NEVSEHIR
The road to Nevsehir and Cappadocia passes through Hacibektas, the town where Haci Bektas Veli settled and established his Bektas Sufi order in the 14th century. The dervishes who followed the sect’s tenets of love and humanism were housed in the monastery which includes a mausoleum and mosque. The complex is now a museum open to the public.

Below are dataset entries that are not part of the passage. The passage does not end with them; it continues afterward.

(* Let $\widehat H:[0,T]\times\mathbb{R}^n\times\mathbb{R}^n\to\mathbb{R}$ and $\widehat\sigma:\mathbb{R}^n\to\mathbb{R}$ be such that $H(t,x(\cdot),s)=\widehat H(t,x(t),s)$ and $\sigma(x(\cdot))=\widehat\sigma(x(T))$ satisfy (B.1), (B.2), (B.3), with $c$ the constant of (B.2). Let $\widehat\varphi:[0,T]\times\mathbb{R}^n\to\mathbb{R}$ be a continuous function with $\widehat\varphi(T,x)=\widehat\sigma(x)$ for all $x\in\mathbb{R}^n$ and the property: for every $(t,x)\in[0,T)\times\mathbb{R}^n$ and $s\in\mathbb{R}^n$ there is a Lipschitz $y:[t,T]\to\mathbb{R}^n$ with $y(t)=x$, $\|\dot y(\tau)\|\le c(1+\|y(\tau)\|)$ for a.e. $\tau\in[t,T]$, and $\widehat\varphi(\tau,y(\tau))-\widehat\varphi(t,x)=\langle s,y(\tau)-x\rangle-\int_t^\tau\widehat H(\xi,y(\xi),s)\,d\xi$ for all $\tau\in[t,T]$ (i.e. $\widehat\varphi$ is the minimax solution of $\partial_t\widehat\varphi+\widehat H(t,x,\nabla_x\widehat\varphi)=0$, $\widehat\varphi(T,\cdot)=\widehat\sigma$). Then the minimax solution of the path-dependent problem $\partial_t\varphi+H(t,x(\cdot),\nabla\varphi)=0$, $\varphi(T,x(\cdot))=\sigma(x(\cdot))$ coincides with the functional $\varphi(t,x(\cdot))=\widehat\varphi(t,x(t))$, $(t,x(\cdot))\in[0,T]\times C([-h,T],\mathbb{R}^n)$.
   Context: Fix $n\in\mathbb{N}$, $h>0$, $T>0$; $\langle\cdot,\cdot\rangle$, $\|\cdot\|$ Euclidean. $C([-h,T],\mathbb{R}^n)$ has the sup norm $\|\cdot\|_{[-h,T]}$; $[0,T]\times C([-h,T],\mathbb{R}^n)$ has the metric $|t-\tau|+\|x(\cdot)-y(\cdot)\|_{[-h,T]}$. Non-anticipative: $\varphi(t,x(\cdot))=\varphi(t,y(\cdot))$ whenever $t\in[0,T)$ and $x=y$ on $[-h,t]$. $\mathrm{Lip}(t,x(\cdot))$: the $y(\cdot)\in C([-h,T],\mathbb{R}^n)$ with $y=x$ on $[-h,t]$, Lipschitz on $[t,T]$. (B.1) $H,\sigma$ continuous; (B.2) there is $c>0$ with $|H(t,x(\cdot),s)-H(t,x(\cdot),r)|\le c(1+\max_{\tau\in[-h,t]}\|x(\tau)\|)\|s-r\|$ for all $t,x(\cdot),s,r$; (B.3) for every compact $D\subset C([-h,T],\mathbb{R}^n)$ there is $\lambda>0$ with $|H(t,x(\cdot),s)-H(t,y(\cdot),s)|\le\lambda(1+\|s\|)\max_{\tau\in[-h,t]}\|x(\tau)-y(\tau)\|$ for all $t\in[0,T]$, $x(\cdot),y(\cdot)\in D$, $s$. $Y(t,x(\cdot))$: the $y(\cdot)\in\mathrm{Lip}(t,x(\cdot))$ with $\|\dot y(\tau)\|\le c(1+\max_{\xi\in[-h,\tau]}\|y(\xi)\|)$ for a.e. $\tau\in[t,T]$. A minimax solution: $\varphi$ non-anticipative, continuous, $\varphi(T,\cdot)=\sigma$, and for every $(t,x(\cdot))\in[0,T)\times C([-h,T],\mathbb{R}^n)$, $s\in\mathbb{R}^n$ there is $y(\cdot)\in Y(t,x(\cdot))$ with $\varphi(\tau,y(\cdot))-\varphi(t,x(\cdot))=\langle s,y(\tau)-x(t)\rangle-\int_t^\tau H(\xi,y(\cdot),s)\,d\xi$ for all $\tau\in[t,T]$. Under (B.1)–(B.3) it exists and is unique. *)

From HB Require Import structures.
From mathcomp Require Import all_boot all_order all_algebra.
From mathcomp Require Import all_classical all_reals all_analysis.
Set Implicit Arguments. Unset Strict Implicit. Unset Printing Implicit Defensive.
Import Order.TTheory GRing.Theory Num.Theory.
Import numFieldNormedType.Exports.
Local Open Scope classical_set_scope.
Local Open Scope ring_scope.

Section Defs.
Variables (R : realType) (n : nat).

Notation vec := 'rV[R]_n.
(* paths: functions R -> R^n, only their restriction to [-h,T] matters *)
Notation path := (R -> vec).

Definition dotp (u v : vec) : R := \sum_(i < n) u ord0 i * v ord0 i.
Definition enorm (u : vec) : R := Num.sqrt (dotp u u).

(* max_{xi in [a,b]} ||x(xi)|| (a maximum for continuous x, written as sup) *)
Definition pmax (x : path) (a b : R) : R :=
  sup [set enorm (x xi) | xi in `[a, b]].

Definition isC (h T : R) (x : path) : Prop := {within `[- h, T], continuous x}.

Definition cont_functional (h T : R) (phi : R -> path -> R) : Prop :=
  forall t x, t \in `[0, T] -> isC h T x ->
  forall eps : R, 0 < eps -> exists2 del : R, 0 < del &
    forall t' y, t' \in `[0, T] -> isC h T y ->
      `|t - t'| + pmax (fun xi => x xi - y xi) (- h) T < del ->
      `|phi t x - phi t' y| < eps.

Definition cont_H (h T : R) (H : R -> path -> vec -> R) : Prop :=
  forall t x s, t \in `[0, T] -> isC h T x ->
  forall eps : R, 0 < eps -> exists2 del : R, 0 < del &
    forall t' y r, t' \in `[0, T] -> isC h T y ->
      `|t - t'| + pmax (fun xi => x xi - y xi) (- h) T + enorm (s - r) < del ->
      `|H t x s - H t' y r| < eps.

Definition cont_sigma (h T : R) (sigma : path -> R) : Prop :=
  forall x, isC h T x ->
  forall eps : R, 0 < eps -> exists2 del : R, 0 < del &
    forall y, isC h T y -> pmax (fun xi => x xi - y xi) (- h) T < del ->
      `|sigma x - sigma y| < eps.

Definition B1 (h T : R) H sigma := cont_H h T H /\ cont_sigma h T sigma.

Definition B2 (h T : R) (H : R -> path -> vec -> R) (c : R) : Prop :=
  forall t x s r, t \in `[0, T] -> isC h T x ->
    `|H t x s - H t x r| <= c * (1 + pmax x (- h) t) * enorm (s - r).

(* compactness of D in C([-h,T],R^n) with the sup norm: compact subset of the
   space of functions with the topology of uniform convergence on [-h,T] *)
Definition B3 (h T : R) (H : R -> path -> vec -> R) : Prop :=
  forall D : set path, D `<=` isC h T ->
    compact (D : set {uniform` `[- h, T] -> vec}) ->
    exists2 lam : R, 0 < lam &
      forall t x y s, t \in `[0, T] -> D x -> D y ->
        `|H t x s - H t y s| <=
          lam * (1 + enorm s) * pmax (fun xi => x xi - y xi) (- h) t.

Definition nonanticipative (h T : R) (phi : R -> path -> R) : Prop :=
  forall t x y, t \in `[0, T[ -> isC h T x -> isC h T y ->
    {in `[- h, t], x =1 y} -> phi t x = phi t y.

Definition Lip (h T t : R) (x y : path) : Prop :=
  isC h T y /\ {in `[- h, t], y =1 x} /\
  exists L : R, forall a b, a \in `[t, T] -> b \in `[t, T] ->
    enorm (y a - y b) <= L * `|a - b|.

Definition Yset (h T c t : R) (x y : path) : Prop :=
  Lip h T t x y /\
  {ae (@lebesgue_measure R), forall tau, tau \in `[t, T] ->
     derivable y tau 1 /\ enorm ('D_1 y tau) <= c * (1 + pmax y (- h) tau)}.

Definition minimax (h T c : R) (H : R -> path -> vec -> R) (sigma : path -> R)
  (phi : R -> path -> R) : Prop :=
  [/\ nonanticipative h T phi, cont_functional h T phi,
      (forall x, isC h T x -> phi T x = sigma x) &
      forall t x s, t \in `[0, T[ -> isC h T x ->
        exists2 y, Yset h T c t x y &
          forall tau, tau \in `[t, T] ->
            phi tau y - phi t x =
              dotp s (y tau - x t) - Rintegral (@lebesgue_measure R) `[t, tau]
                                       (fun xi => H xi y s)].

Definition minimax_hat (T c : R) (Hh : R -> vec -> vec -> R) (sigh : vec -> R)
  (phih : R -> vec -> R) : Prop :=
  [/\ {within `[0, T] `*` [set: vec], continuous (fun p : R * vec => phih p.1 p.2)},
      (forall x, phih T x = sigh x) &
      forall t x s, t \in `[0, T[ ->
        exists y : R -> vec,
          [/\ (exists L : R, forall a b, a \in `[t, T] -> b \in `[t, T] ->
                 enorm (y a - y b) <= L * `|a - b|),
              y t = x,
              {ae (@lebesgue_measure R), forall tau, tau \in `[t, T] ->
                 derivable y tau 1 /\ enorm ('D_1 y tau) <= c * (1 + enorm (y tau))} &
              forall tau, tau \in `[t, T] ->
                phih tau (y tau) - phih t x =
                  dotp s (y tau - x) - Rintegral (@lebesgue_measure R) `[t, tau]
                                         (fun xi => Hh xi (y xi) s)]].

End Defs.

From HB Require Import structures.
From mathcomp Require Import all_boot all_order all_algebra.
From mathcomp Require Import all_classical all_reals all_analysis.
From mathcomp Require Import lra.
Set Implicit Arguments. Unset Strict Implicit. Unset Printing Implicit Defensive.
Import Order.TTheory GRing.Theory Num.Theory.
Import numFieldNormedType.Exports.
Local Open Scope classical_set_scope.
Local Open Scope ring_scope.

(* Continuity of the lift
   on [0,T] x C([-h,T],R^n) follows from the continuity of phih, of x at t, and
   the bound |x(t') - y(t')| <= ||x - y||_[-h,T].  For the characteristic
   inclusion at (t, x(.)) we take the finite-dimensional characteristic y
   issued from x(t) and concatenate it with x: the path equal to x on [-h,t]
   and to y on [t,T] is continuous (pasting lemma), Lipschitz on [t,T], and
   agrees with y near every tau in (t,T], so it inherits the a.e. derivative
   bound of y, the norm of y(tau) being dominated by the running maximum. *)

Lemma cont_within_eps (K : numFieldType) (U V : normedModType K) (A : set U)
    (f : U -> V) :
  {within A, continuous f} <->
  forall x, A x -> forall e, 0 < e -> exists2 d, 0 < d &
    forall y, A y -> `|x - y| < d -> `|f x - f y| < e.
Proof.
split=> [/subspace_continuousP cf x Ax e e0 | cf].
  have /cvgrPdist_lt/(_ e e0) := cf x Ax.
  rewrite near_withinE => /nbhs_normP[d d0 fd].
  by exists d => // y Ay xy; exact: fd.
apply/subspace_continuousP => x Ax; apply/cvgrPdist_lt => e e0.
rewrite near_withinE; apply/nbhs_normP.
by have [d d0 fd] := cf x Ax e e0; exists d => //= y xy Ay; exact: fd.
Qed.
Arguments cont_within_eps {K U V A f}.

Section EuclideanNorm.
Variables (R : realType) (n : nat).
Implicit Types (u : 'rV[R]_n) (f : R -> 'rV[R]_n).

Lemma dotp_ge0 u : 0 <= dotp u u.
Proof. by apply: sumr_ge0 => i _; rewrite -expr2 sqr_ge0. Qed.

Lemma enorm_ge0 u : 0 <= enorm u.
Proof. exact: sqrtr_ge0. Qed.

Lemma norm_le_enorm u : `|u| <= enorm u.
Proof.
rewrite -[X in X <= _]/(mx_norm u) mx_normrE.
apply: bigmax_le => [|[i j] _ /=]; first exact: enorm_ge0.
rewrite (ord1 i) /enorm -(sqrtr_sqr (u ord0 j)) ler_sqrt; last exact: dotp_ge0.
rewrite /dotp (bigD1 j) //= -expr2 lerDl.
by apply: sumr_ge0 => k _; rewrite -expr2 sqr_ge0.
Qed.

Lemma enorm_le_sqrt u M : `|u| <= M -> enorm u <= Num.sqrt (n%:R * M ^+ 2).
Proof.
move=> uM; rewrite /enorm ler_wsqrtr // /dotp.
rewrite mulr_natl -[n in _ *+ n]card_ord -sumr_const.
apply: ler_sum => i _; rewrite -expr2 -real_normK ?num_real //.
have uiM : `|u ord0 i| <= M.
  apply: le_trans uM; rewrite -[X in _ <= X]/(mx_norm u) mx_normrE.
  exact: (le_bigmax _ _ (ord0, i)).
by rewrite lerXn2r ?nnegrE //; exact: le_trans uiM.
Qed.

(* On a segment where f is continuous, its values are bounded, so pmax is a
   genuine upper bound of the norms enorm (f xi). *)
Lemma pmax_ub f a b xi :
  {within `[a, b], continuous f} -> xi \in `[a, b] -> enorm (f xi) <= pmax f a b.
Proof.
move=> cf xiab.
have [M [_ fM]] := compact_bounded (continuous_compact cf (@segment_compact _ a b)).
apply: ub_le_sup; last by exists xi.
exists (Num.sqrt (n%:R * (M + 1) ^+ 2)) => _ [z zab <-].
by apply: enorm_le_sqrt; apply: (fM (M + 1)); [rewrite ltrDl | exists z].
Qed.

Lemma pmax_ge0 f a b :
  a <= b -> {within `[a, b], continuous f} -> 0 <= pmax f a b.
Proof.
move=> ab cf; apply: le_trans (enorm_ge0 (f a)) _; apply: pmax_ub cf _.
by rewrite in_itv /= lexx ab.
Qed.

End EuclideanNorm.

Section Paths.
Variables (R : realType) (n : nat) (h T : R).
Implicit Types (x y : R -> 'rV[R]_n).

Lemma isCB x y : isC h T x -> isC h T y -> isC h T (fun xi => x xi - y xi).
Proof.
move=> /subspace_continuousP cx /subspace_continuousP cy.
by apply/subspace_continuousP => z hz; exact: cvgB (cx z hz) (cy z hz).
Qed.

Lemma pmax_dist x y t : isC h T x -> isC h T y -> t \in `[- h, T] ->
  `|x t - y t| <= pmax (fun xi => x xi - y xi) (- h) T.
Proof.
move=> cx cy ht; apply: le_trans (norm_le_enorm _) _.
exact: pmax_ub (isCB cx cy) ht.
Qed.

End Paths.

Section Lifting.
Variables (R : realType) (n : nat) (h T : R) (phih : R -> 'rV[R]_n -> R).
Hypothesis h_ge0 : 0 <= h.

Let lift (t : R) (x : R -> 'rV[R]_n) := phih t (x t).

Lemma lift_nonanticipative : nonanticipative h T lift.
Proof.
move=> t x y; rewrite in_itv /= => /andP[t0 _] _ _ xy.
by rewrite /lift xy // in_itv /= lexx andbT (le_trans _ t0) // oppr_le0.
Qed.

Lemma lift_continuous :
  {within `[0, T] `*` [set: 'rV[R]_n], continuous (fun p => phih p.1 p.2)} ->
  cont_functional h T lift.
Proof.
move=> cphi t x tT cx e e0.
have in_hT s : s \in `[0, T] -> s \in `[- h, T].
  by rewrite !in_itv /= => /andP[s0 ->]; rewrite andbT (le_trans _ s0) // oppr_le0.
have hT : - h <= T by move: (in_hT t tT); rewrite in_itv /= => /andP[htt /(le_trans htt)].
have [e1 e10 phi_e1] := cont_within_eps.1 cphi (t, x t) (conj tT I) e e0.
have e12 : 0 < e1 / 2 by rewrite divr_gt0.
have [d d0 x_d] := cont_within_eps.1 cx t (in_hT t tT) (e1 / 2) e12.
exists (Num.min d (e1 / 2)); first by rewrite lt_min d0 e12.
move=> t' y t'T cy; rewrite lt_min => /andP[dt dp].
have tt0 := normr_ge0 (t - t').
have p0 := pmax_ge0 hT (isCB cx cy).
have xy_t' := pmax_dist cx cy (in_hT t' t'T).
have x_tt' : `|x t - x t'| < e1 / 2 by apply: x_d (in_hT t' t'T) _; lra.
apply: (phi_e1 (t', y t')); first by split.
rewrite prod_normE /= gt_max; apply/andP; split; first lra.
have -> : x t - y t' = (x t - x t') + (x t' - y t') by rewrite addrA subrK.
by apply: le_lt_trans (ler_normD _ _) _; lra.
Qed.

End Lifting.

Lemma lipschitz_within_continuous (R : realType) (n : nat) (A : set R)
    (y : R -> 'rV[R]_n) (L : R) :
  (forall a b, A a -> A b -> enorm (y a - y b) <= L * `|a - b|) ->
  {within A, continuous y}.
Proof.
move=> yL; apply/cont_within_eps => a Aa e e0.
have L1 : 0 < `|L| + 1 by rewrite ltr_pwDr.
exists (e / (`|L| + 1)); first by rewrite divr_gt0.
move=> b Ab; rewrite ltr_pdivlMr // => ab.
apply: le_lt_trans (norm_le_enorm _) _; apply: le_lt_trans (yL a b Aa Ab) _.
apply: le_lt_trans ab; rewrite mulrC ler_wpM2l //.
by apply: le_trans (ler_norm L) _; rewrite lerDl.
Qed.

Lemma itv_glue (R : realType) (a t b : R) : a <= t -> t <= b ->
  `[a, b]%classic = `[a, t] `|` `[t, b] :> set R.
Proof.
move=> ha hb; apply/seteqP; split => z /=; rewrite !in_itv /=.
  case/andP=> az zb; case: (leP z t) => zt; [left|right]; apply/andP; split=> //.
  exact: ltW.
by case=> /andP[az zb]; apply/andP; split=> //;
  [exact: le_trans hb | exact: le_trans ha _].
Qed.
(* Let $\mathscr{S}=(T,S,\sigma,\mu,\tau_T,\tau_S)$ be a relaxed scenario. Then $G_{<}(\mathscr{S})$ and $G_{>}(\mathscr{S})$ are cographs. If both $S$ and $T$ are binary trees, then $G_{=}(\mathscr{S})$ is also a cograph.
   Context: All trees are planted phylogenetic trees: a tree $T$ has a distinguished vertex $0_T$ of degree $1$ whose unique neighbor $\rho_T$ is the root, and every vertex other than $0_T$ and the leaves $L(T)$ has at least two children; it is binary if every such vertex has exactly two children. For $x,y\in V(T)$ write $y\preceq_T x$ if $x$ lies on the path from $0_T$ to $y$; edges are written $uv$ with $v\prec_T u$. $\mathrm{lca}_T$ denotes the last common ancestor. A time map for $T$ is $\tau_T\colon V(T)\to\mathbb{R}$ with $\tau_T(x)<\tau_T(y)$ whenever $x\prec_T y$. A relaxed scenario $\mathscr{S}=(T,S,\sigma,\mu,\tau_T,\tau_S)$ consists of a gene tree $T$ with time map $\tau_T$, a species tree $S$ with time map $\tau_S$, a map $\sigma\colon L(T)\to M$ with $M\subseteq L(S)$, and a map $\mu\colon V(T)\to V(S)\cup E(S)$ such that (S0) $\mu(x)=0_S$ iff $x=0_T$; (S1) $\mu(x)\in L(S)$ iff $x\in L(T)$, in which case $\mu(x)=\sigma(x)$; (S2) if $\mu(x)\in V(S)$ then $\tau_S(\mu(x))=\tau_T(x)$; (S3) if $\mu(x)=uv\in E(S)$ then $\tau_S(v)<\tau_T(x)<\tau_S(u)$. The graphs $G_{=}(\mathscr{S})$, $G_{<}(\mathscr{S})$, $G_{>}(\mathscr{S})$ have vertex set $L(T)$, and for distinct $x,y$ the pair $xy$ is an edge of $G_{=}(\mathscr{S})$, $G_{<}(\mathscr{S})$, resp. $G_{>}(\mathscr{S})$ iff $\tau_T(\mathrm{lca}_T(x,y))$ is $=$, $<$, resp. $>$ than $\tau_S(\mathrm{lca}_S(\sigma(x),\sigma(y)))$. A cograph is a graph with no induced path on four vertices. *)

From HB Require Import structures.
From mathcomp Require Import all_boot all_order all_algebra.
From mathcomp Require Import reals.
Set Implicit Arguments. Unset Strict Implicit. Unset Printing Implicit Defensive.
Import Order.TTheory GRing.Theory Num.Theory.
Local Open Scope ring_scope.

(* A planted phylogenetic tree on a finite vertex type V is given by its
   planted vertex [r0] (= 0_T) and the parent map [par]: [par v] is the
   unique neighbour of v on the path towards 0_T; [par r0 = r0] by convention. *)
Definition children {V : finType} (r0 : V) (par : V -> V) (v : V) : {set V} :=
  [set w | (w != r0) && (par w == v)].

Record ptree (V : finType) := PTree {
  zero : V;
  par : V -> V;
  par_zero : par zero = zero;
  reach_zero : forall v, exists k, iter k par v = zero;
  zero_deg1 : #|children zero par zero| = 1%N;
  inner_ge2 : forall v, v != zero -> children zero par v != set0 ->
                (2 <= #|children zero par v|)%N
}.

Section Trees.
Context {V : finType} (T : ptree V).

Definition childrenT (v : V) := children (zero T) (par T) v.

Definition is_leaf (v : V) : bool := (v != zero T) && (childrenT v == set0).

Definition binary : Prop :=
  forall v, v != zero T -> ~~ is_leaf v -> #|childrenT v| = 2%N.

Definition preceq (y x : V) : Prop := exists k, iter k (par T) y = x.
Definition prec (y x : V) : Prop := preceq y x /\ y <> x.

Definition is_lca (x y z : V) : Prop :=
  preceq x z /\ preceq y z /\ (forall w, preceq x w -> preceq y w -> preceq z w).

End Trees.

Definition time_map {R : realType} {V : finType} (T : ptree V) (tau : V -> R) : Prop :=
  forall x y, prec T x y -> tau x < tau y.

(* Images of mu: a vertex of S ([inl v]) or an edge of S, the edge (par v, v)
   with v <> 0_S being represented by its lower endpoint v ([inr v]). *)
Record relaxed_scenario {R : realType} {VT VS : finType}
  (T : ptree VT) (S : ptree VS) (sigma : VT -> VS) (mu : VT -> VS + VS)
  (tauT : VT -> R) (tauS : VS -> R) : Prop := {
  rs_tauT : time_map T tauT;
  rs_tauS : time_map S tauS;
  rs_sigma : forall x, is_leaf T x -> is_leaf S (sigma x);
  rs_edge : forall x v, mu x = inr v -> v != zero S;
  rs_S0 : forall x, mu x = inl (zero S) <-> x = zero T;
  rs_S1a : forall x, (exists l, mu x = inl l /\ is_leaf S l) <-> is_leaf T x;
  rs_S1b : forall x, is_leaf T x -> mu x = inl (sigma x);
  rs_S2 : forall x v, mu x = inl v -> tauS v = tauT x;
  rs_S3 : forall x v, mu x = inr v -> tauS v < tauT x /\ tauT x < tauS (par S v)
}.

Definition G_rel {R : realType} {VT VS : finType} (cmp : R -> R -> Prop)
  (T : ptree VT) (S : ptree VS) (sigma : VT -> VS)
  (tauT : VT -> R) (tauS : VS -> R) (x y : VT) : Prop :=
  x <> y /\ exists a b, is_lca T x y a /\ is_lca S (sigma x) (sigma y) b /\
                        cmp (tauT a) (tauS b).

Definition G_eq {R : realType} {VT VS : finType} (T : ptree VT) (S : ptree VS)
  (sigma : VT -> VS) (tauT : VT -> R) (tauS : VS -> R) :=
  G_rel (fun a b => a = b) T S sigma tauT tauS.
Definition G_lt {R : realType} {VT VS : finType} (T : ptree VT) (S : ptree VS)
  (sigma : VT -> VS) (tauT : VT -> R) (tauS : VS -> R) :=
  G_rel (fun a b => a < b) T S sigma tauT tauS.
Definition G_gt {R : realType} {VT VS : finType} (T : ptree VT) (S : ptree VS)
  (sigma : VT -> VS) (tauT : VT -> R) (tauS : VS -> R) :=
  G_rel (fun a b => a > b) T S sigma tauT tauS.

Definition cograph {V : Type} (P : V -> Prop) (E : V -> V -> Prop) : Prop :=
  ~ exists a b c d, P a /\ P b /\ P c /\ P d /\
      a <> b /\ a <> c /\ a <> d /\ b <> c /\ b <> d /\ c <> d /\
      E a b /\ E b c /\ E c d /\ ~ E a c /\ ~ E b d /\ ~ E a d.

(* Write f x y = tauT (lca_T x y) and g x y = tauS (lca_S (sigma x) (sigma y)).
   The ancestors of a vertex form a chain and time maps are strictly monotone
   along it, so f and g are symmetric and ultrametric:
   f x z <= max (f x y) (f y z); hence in every triangle the two largest
   values agree.  For any two such functions the graph {f < g} has no induced
   P4 a-b-c-d: the triangles abc and bcd force g a b = g b c = g c d =: m with
   g b d < m, so g a d = m, while f a d < m.  G_> is the same graph with f and
   g swapped.  For G_= one needs strict triangles, which binary trees provide
   (three leaves never have pairwise equal lca); this applies to g because the
   ends of a G_= edge have distinct species, as tauT x = tauS (sigma x) for a
   leaf x. *)

From mathcomp Require Import all_boot all_order all_algebra reals.
From mathcomp Require Import boolp.
Import Order.TTheory.
Set Implicit Arguments. Unset Strict Implicit.
Local Open Scope order_scope.
(* For every definable relation $R(\bar x,\bar y)$, with $\bar x$ of length $k$ and $\bar y=(y_1,\dots,y_l)$, there is a natural number $K$ such that for every $\bar a\in\mathcal M^k$ the following are equivalent: (1) $R(\bar a,\bar b)$ holds for some linearly independent tuple $\bar b\in\mathcal M^l$ with $\mathcal V(\bar a)\cap\mathcal V(\bar b)=\{\vec 0\}$; (2) $R(\bar a,\bar b)$ holds for every linearly independent tuple $\bar b\in\mathcal M^l$ with $\mathcal V(\bar a)\cap\mathcal V(\bar b)=\{\vec 0\}$; (3) $(\exists_{>K}\bar y)R(\bar a,\bar y)$.
   Context: $\mathcal M$ denotes the $\mathbb Q$-vector space $\mathbb Q^{<\omega}$ of all sequences of rationals with only finitely many nonzero terms, with zero vector $\vec 0$, regarded as the structure $\langle\mathcal M;+\rangle$. A relation on $\mathcal M$ is definable if it is first-order definable without parameters in $\langle\mathcal M;+\rangle$. $\mathcal V(\bar a)$ denotes the $\mathbb Q$-linear span of the entries of $\bar a$. The quantifier $(\exists_{>K}y)Q(y)$ means ''there are at least $K+1$ pairwise distinct $y$ with $Q(y)$''; for tuples, $(\exists_{>K}y_1,\dots,y_l)Q(\bar y):=(\exists_{>K}y_1)(\exists_{>K}y_2,\dots,y_l)Q(\bar y)$. *)

From HB Require Import structures.
From mathcomp Require Import all_boot all_order all_algebra.
Set Implicit Arguments. Unset Strict Implicit. Unset Printing Implicit Defensive.
Import Order.TTheory GRing.Theory Num.Theory.
Local Open Scope ring_scope.

(* The carrier M = Q^{<omega}: sequences of rationals with finitely many
   nonzero terms.  We represent such a sequence (q_0, q_1, ...) by the
   polynomial with coefficient sequence p`_i = q_i; {poly rat} is exactly
   the set of finitely supported rational sequences, with pointwise
   addition, zero vector 0 and pointwise rational scaling. *)
Definition M : Type := {poly rat}.

Inductive term : Type :=
| TVar : nat -> term
| TAdd : term -> term -> term.

Inductive formula : Type :=
| FEq  : term -> term -> formula
| FNot : formula -> formula
| FAnd : formula -> formula -> formula
| FOr  : formula -> formula -> formula
| FEx  : nat -> formula -> formula
| FAll : nat -> formula -> formula.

Onyx, plentiful in the region, was used by the disciples of this order and has come to be called Hacibektas stone. In town there are many onyx souvenirs for sale. It is worth stopping to wander through the interesting Archaeological and Ethnographical Museum. Nevsehir, a provincial capital, is the gateway to Cappadocia. In the town itself the hilltop Seljuk castle, perched on the highest point in the city, and the Kursunlu Mosque, built for the Grand Vizier Damat Ibrahim Pasha, are among the remaining historical buildings. The mosque forms part of a complex of buildings which includes a medrese, a hospice and a library. An ablution fountain in the courtyard still bears its original inscription. The Nevsehir Museum displays local artifacts. Violent eruptions of the volcanoes Mt. Erciyes (391 6 meters) and Mt. Hasan (3268 meters) three million years ago covered the plateau surrounding Nevsehir with tufa, a soft stone comprised of lava, ash and mud. The wind and rain have eroded this brittle rock and created a spectacular surrealist landscape of rock cones, capped pinnacles and fretted.